**Task details**. Within the listing, each line that has the string "sumP" should be copied.

**Entries provided**.
----------------------------------------
(* Let $U=(U_{ij})_{i,j=1}^M$ with $U_{ij}\in M_M(\mathbb C)$ and $V=(V_{ab})_{a,b=1}^N$ with $V_{ab}\in M_N(\mathbb C)$ be projective models, and let $Q\in M_{M\times N}(\mathbb T)$ be arbitrary. Then the matrix $W=U\otimes_QV$, given by $$(W_{ia,jb})_{kc,ld}=\frac{Q_{ic}Q_{jd}}{Q_{id}Q_{jc}}(U_{ij})_{kl}(V_{ab})_{cd},$$ is a projective model, i.e. both $W$ and $W'$ are magic.
   Context: A square matrix with entries in a $C^*$-algebra is magic if its entries are orthogonal projections and each row and each column sums to $1$. For $U=(U_{ij})_{i,j=1}^n$ with $U_{ij}\in M_n(\mathbb C)$, $U'$ is defined by $(U'_{kl})_{ij}=(U_{ij})_{kl}$. $U$ is a projective model if $U$ and $U'$ are both magic. In the formula, $i,j,k,l\in\{1,\dots,M\}$, $a,b,c,d\in\{1,\dots,N\}$, and $W$ is the $MN\times MN$ matrix with entries $W_{ia,jb}\in M_{MN}(\mathbb C)$. *)

From HB Require Import structures.
From mathcomp Require Import all_boot all_order all_algebra.
From mathcomp Require Import complex.
From mathcomp Require Import Rstruct.
Set Implicit Arguments. Unset Strict Implicit. Unset Printing Implicit Defensive.
Import Order.TTheory GRing.Theory Num.Theory.
Local Open Scope ring_scope.

Definition C : Type := (Rdefinitions.R)[i].

Definition adjmx (m n : nat) (A : 'M[C]_(m, n)) : 'M[C]_(n, m) :=
  \matrix_(i, j) (A j i)^*.

Definition orth_proj (n : nat) (P : 'M[C]_n) : Prop :=
  P *m P = P /\ adjmx P = P.

Definition magic (m n : nat) (U : 'I_m -> 'I_m -> 'M[C]_n) : Prop :=
  [/\ forall i j, orth_proj (U i j),
      forall i, \sum_j U i j = 1%:M
    & forall j, \sum_i U i j = 1%:M].

Definition prime_mx (n : nat) (U : 'I_n -> 'I_n -> 'M[C]_n) :
  'I_n -> 'I_n -> 'M[C]_n :=
  fun k l => \matrix_(i, j) U i j k l.

Definition projective_model (n : nat) (U : 'I_n -> 'I_n -> 'M[C]_n) : Prop :=
  magic U /\ magic (prime_mx U).

(** The twist [t i j c d = Q i c Q j d / (Q i d Q j c)] is a multiplicative cocycle in
    (c, d) for fixed (i, j) and in (i, j) for fixed (c, d), it equals 1 when [i = j] or
    [c = d], and for unimodular Q its conjugate is the twist with one index pair swapped.
    Hence each defining identity of W and W' reduces to the corresponding identities of
    U and V: in the idempotence sums the twists merge by the cocycle law, and in the row
    and column sums they meet a Kronecker delta that makes them 1. *)
From HB Require Import structures.
From mathcomp Require Import all_boot all_order all_algebra.
From mathcomp Require Import complex.
From mathcomp Require Import Rstruct.
From mathcomp Require Import ring.
Import Order.TTheory GRing.Theory Num.Theory.
Local Open Scope ring_scope.
Set Implicit Arguments. Unset Strict Implicit.

Section DoubleIndex.
Variables (R : nmodType) (M N : nat).

Lemma sum_mxvec_index (F : 'I_(M * N) -> R) :
  \sum_x F x = \sum_i \sum_a F (mxvec_index i a).
Proof.
rewrite (reindex (uncurry (@mxvec_index M N))) /=; last first.
  have [g g1 g2] := curry_mxvec_bij M N.
  by exists g => x _; [apply: g1 | apply: g2].
by rewrite pair_big /=; apply: eq_bigr => -[i a].
Qed.

Lemma eq_mxvec_index (k l : 'I_M) (c d : 'I_N) :
  (mxvec_index k c == mxvec_index l d) = (k == l) && (c == d).
Proof.
apply/eqP/andP => [|[/eqP -> /eqP ->] //].
move/(congr1 (cast_ord (esym (mxvec_cast M N)))); rewrite !cast_ordK.
by move/enum_rank_inj => [-> ->].
Qed.

End DoubleIndex.

Section Twist.
Variables (F : fieldType) (M N : nat) (Q : 'M[F]_(M, N)).
Hypothesis Q_neq0 : forall i c, Q i c != 0.

Definition twist i j c d := Q i c * Q j d / (Q i d * Q j c).

Lemma twist_mulr i j c d e : twist i j c d * twist i j d e = twist i j c e.
Proof. by rewrite /twist; field; rewrite !Q_neq0. Qed.

Lemma twist_mull i j m c d : twist i j c d * twist j m c d = twist i m c d.
Proof. by rewrite /twist; field; rewrite !Q_neq0. Qed.

Lemma twist_diagl_delta i j c d : (i == j)%:R * twist i j c d = (i == j)%:R.
Proof.
have [<-|] := eqVneq; rewrite ?mul0r // mul1r.
by rewrite /twist [Q i d * _]mulrC divff // mulf_neq0.
Qed.

Lemma twist_diagr_delta i j c d : twist i j c d * (c == d)%:R = (c == d)%:R.
Proof.
have [<-|] := eqVneq; rewrite ?mulr0 // mulr1.
by rewrite /twist divff // mulf_neq0.
Qed.

End Twist.

Section UnimodularTwist.
Variables (F : numClosedFieldType) (M N : nat) (Q : 'M[F]_(M, N)).
Hypothesis Q_norm1 : forall i c, `|Q i c| = 1.

Lemma norm1_neq0 i c : Q i c != 0.
Proof. by rewrite -normr_eq0 Q_norm1 oner_eq0. Qed.

Lemma conjC_norm1 i c : (Q i c)^* = (Q i c)^-1.
Proof. by rewrite invC_norm Q_norm1 expr1n invr1 mul1r. Qed.

Lemma conjC_twistr i j c d : (twist Q i j d c)^* = twist Q i j c d.
Proof.
rewrite /twist !(rmorphM, fmorphV) /= !conjC_norm1.
by field; rewrite !norm1_neq0.
Qed.

Lemma conjC_twistl i j c d : (twist Q j i c d)^* = twist Q i j c d.
Proof.
rewrite /twist !(rmorphM, fmorphV) /= !conjC_norm1.
by field; rewrite !norm1_neq0.
Qed.

End UnimodularTwist.

Section MagicEntries.
Variable n : nat.

Lemma orth_projE (P : 'M[C]_n) :
  orth_proj P <->
  (forall k m, \sum_l P k l * P l m = P k m) /\ (forall k l, (P l k)^* = P k l).
Proof.
split=> [[/matrixP idP /matrixP adjP] | [idP adjP]].
  by split=> k l; [move: (idP k l) | move: (adjP k l)]; rewrite !mxE.
by split; apply/matrixP => k l; rewrite !mxE.
Qed.

Lemma sum_mx_eq1 (I : finType) (P : I -> 'M[C]_n) :
  \sum_j P j = 1%:M <-> forall k l, \sum_j P j k l = (k == l)%:R.
Proof.
split=> [/matrixP sumP k l | sumP]; last by apply/matrixP => k l; rewrite summxE mxE.
by move: (sumP k l); rewrite summxE mxE.
Qed.

Variables (U : 'I_n -> 'I_n -> 'M[C]_n).
Hypothesis U_model : projective_model U.

Lemma model_idem i j k m : \sum_l U i j k l * U i j l m = U i j k m.
Proof. by case: U_model => -[/(_ i j) /orth_projE [->]]. Qed.

Lemma model_adj i j k l : (U i j l k)^* = U i j k l.
Proof. by case: U_model => -[/(_ i j) /orth_projE [_ ->]]. Qed.

Lemma model_row_sum i k l : \sum_j U i j k l = (k == l)%:R.
Proof. by case: U_model => -[_ /(_ i) /sum_mx_eq1 ->]. Qed.

Lemma model_col_sum j k l : \sum_i U i j k l = (k == l)%:R.
Proof. by case: U_model => -[_ _ /(_ j) /sum_mx_eq1 ->]. Qed.

Lemma model_prime_idem k l i m : \sum_j U i j k l * U j m k l = U i m k l.
Proof.
case: U_model => _ [/(_ k l) /orth_projE [/(_ i m) + _] _ _].
by rewrite mxE; under eq_bigr do rewrite !mxE.
Qed.

Lemma model_prime_adj k l i j : (U j i k l)^* = U i j k l.
Proof.
case: U_model => _ [/(_ k l) /orth_projE [_ /(_ i j) +] _ _].
by rewrite !mxE.
Qed.

Lemma model_prime_row_sum k i j : \sum_l U i j k l = (i == j)%:R.
Proof.
case: U_model => _ [_ /(_ k) /sum_mx_eq1 /(_ i j) + _].
by under eq_bigr do rewrite mxE.
Qed.

Lemma model_prime_col_sum l i j : \sum_k U i j k l = (i == j)%:R.
Proof.
case: U_model => _ [_ _ /(_ l) /sum_mx_eq1 /(_ i j)].
by under eq_bigr do rewrite mxE.
Qed.

End MagicEntries.

Section TwistedTensor.
Variables (M N : nat) (U : 'I_M -> 'I_M -> 'M[C]_M) (V : 'I_N -> 'I_N -> 'M[C]_N).
Variables (Q : 'M[C]_(M, N)) (W : 'I_(M * N) -> 'I_(M * N) -> 'M[C]_(M * N)).
Hypotheses (U_model : projective_model U) (V_model : projective_model V).
Hypothesis Q_norm1 : forall i c, `|Q i c| = 1.
Hypothesis WE : forall i j k l a b c d,
  W (mxvec_index i a) (mxvec_index j b) (mxvec_index k c) (mxvec_index l d)
  = twist Q i j c d * U i j k l * V a b c d.

Let Q_neq0 : forall i c, Q i c != 0 := norm1_neq0 Q_norm1.

Lemma twisted_orth_proj x y : orth_proj (W x y).
Proof.
case/mxvec_indexP: x => i a; case/mxvec_indexP: y => j b.
apply/orth_projE; split=> x z.
  case/mxvec_indexP: x => k c; case/mxvec_indexP: z => m e.
  rewrite sum_mxvec_index WE -(model_idem U_model) -(model_idem V_model).
  rewrite -mulrA big_distrlr /= mulr_sumr.
  apply: eq_bigr => l _; rewrite mulr_sumr; apply: eq_bigr => d _.
  rewrite !WE -(twist_mulr Q_neq0 i j c d e); ring.
case/mxvec_indexP: x => k c; case/mxvec_indexP: z => l d.
by rewrite !WE rmorphM rmorphM /= conjC_twistr // (model_adj U_model) (model_adj V_model).
Qed.

Lemma twisted_row_sum x : \sum_y W x y = 1%:M.
Proof.
case/mxvec_indexP: x => i a; apply/sum_mx_eq1 => x z.
case/mxvec_indexP: x => k c; case/mxvec_indexP: z => l d.
rewrite sum_mxvec_index eq_mxvec_index -mulnb natrM -(model_row_sum U_model i).
rewrite mulr_suml; apply: eq_bigr => j _.
under eq_bigr do rewrite WE.
by rewrite -mulr_sumr (model_row_sum V_model) mulrAC (twist_diagr_delta Q_neq0) mulrC.
Qed.

Lemma twisted_col_sum y : \sum_x W x y = 1%:M.
Proof.
case/mxvec_indexP: y => j b; apply/sum_mx_eq1 => x z.
case/mxvec_indexP: x => k c; case/mxvec_indexP: z => l d.
rewrite sum_mxvec_index eq_mxvec_index -mulnb natrM -(model_col_sum U_model j).
rewrite mulr_suml; apply: eq_bigr => i _.
under eq_bigr do rewrite WE.
by rewrite -mulr_sumr (model_col_sum V_model) mulrAC (twist_diagr_delta Q_neq0) mulrC.
Qed.

Lemma twisted_prime_orth_proj x y : orth_proj (prime_mx W x y).
Proof.
case/mxvec_indexP: x => k c; case/mxvec_indexP: y => l d.
apply/orth_projE; split=> x z.
  case/mxvec_indexP: x => i a; case/mxvec_indexP: z => m e.
  rewrite sum_mxvec_index !mxE WE.
  rewrite -(model_prime_idem U_model) -(model_prime_idem V_model).
  rewrite -mulrA big_distrlr /= mulr_sumr.
  apply: eq_bigr => j _; rewrite mulr_sumr; apply: eq_bigr => b _.
  rewrite !mxE !WE -(twist_mull Q_neq0 i j m c d); ring.
case/mxvec_indexP: x => i a; case/mxvec_indexP: z => j b.
rewrite !mxE !WE rmorphM rmorphM /= conjC_twistl //.
by rewrite (model_prime_adj U_model) (model_prime_adj V_model).
Qed.

Lemma twisted_prime_row_sum x : \sum_y prime_mx W x y = 1%:M.
Proof.
case/mxvec_indexP: x => k c; apply/sum_mx_eq1 => x z.
case/mxvec_indexP: x => i a; case/mxvec_indexP: z => j b.
rewrite sum_mxvec_index eq_mxvec_index -mulnb natrM -(model_prime_row_sum V_model c).
rewrite exchange_big /= mulr_sumr; apply: eq_bigr => d _.
under eq_bigr do rewrite mxE WE mulrAC.
by rewrite -mulr_sumr (model_prime_row_sum U_model) mulrC mulrA (twist_diagl_delta Q_neq0).
Qed.

Lemma twisted_prime_col_sum y : \sum_x prime_mx W x y = 1%:M.
Proof.
case/mxvec_indexP: y => l d; apply/sum_mx_eq1 => x z.
case/mxvec_indexP: x => i a; case/mxvec_indexP: z => j b.
rewrite sum_mxvec_index eq_mxvec_index -mulnb natrM -(model_prime_col_sum V_model d).
rewrite exchange_big /= mulr_sumr; apply: eq_bigr => c _.
under eq_bigr do rewrite mxE WE mulrAC.
by rewrite -mulr_sumr (model_prime_col_sum U_model) mulrC mulrA (twist_diagl_delta Q_neq0).
Qed.

End TwistedTensor.

Unset Implicit Arguments. Set Strict Implicit.

Theorem proposition2p4 (M N : nat)
  (U : 'I_M -> 'I_M -> 'M[C]_M) (V : 'I_N -> 'I_N -> 'M[C]_N)
  (Q : 'M[C]_(M, N))
  (W : 'I_(M * N) -> 'I_(M * N) -> 'M[C]_(M * N)) :
  projective_model U -> projective_model V ->
  (forall i c, `|Q i c| = 1) ->
  (forall (i j k l : 'I_M) (a b c d : 'I_N),
     W (mxvec_index i a) (mxvec_index j b) (mxvec_index k c) (mxvec_index l d)
     = Q i c * Q j d / (Q i d * Q j c) * U i j k l * V a b c d) ->
  projective_model W.
Proof.
move=> U_model V_model Q_norm1 WE.
split; split.
- exact: (twisted_orth_proj U_model V_model Q_norm1 WE).
- exact: (twisted_row_sum U_model V_model Q_norm1 WE).
- exact: (twisted_col_sum U_model V_model Q_norm1 WE).
- exact: (twisted_prime_orth_proj U_model V_model Q_norm1 WE).
- exact: (twisted_prime_row_sum U_model V_model Q_norm1 WE).
- exact: (twisted_prime_col_sum U_model V_model Q_norm1 WE).
Qed.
----------------------------------------
**Worked solution**.
split=> [/matrixP sumP k l | sumP]; last by apply/matrixP => k l; rewrite summxE mxE.
by move: (sumP k l); rewrite summxE mxE.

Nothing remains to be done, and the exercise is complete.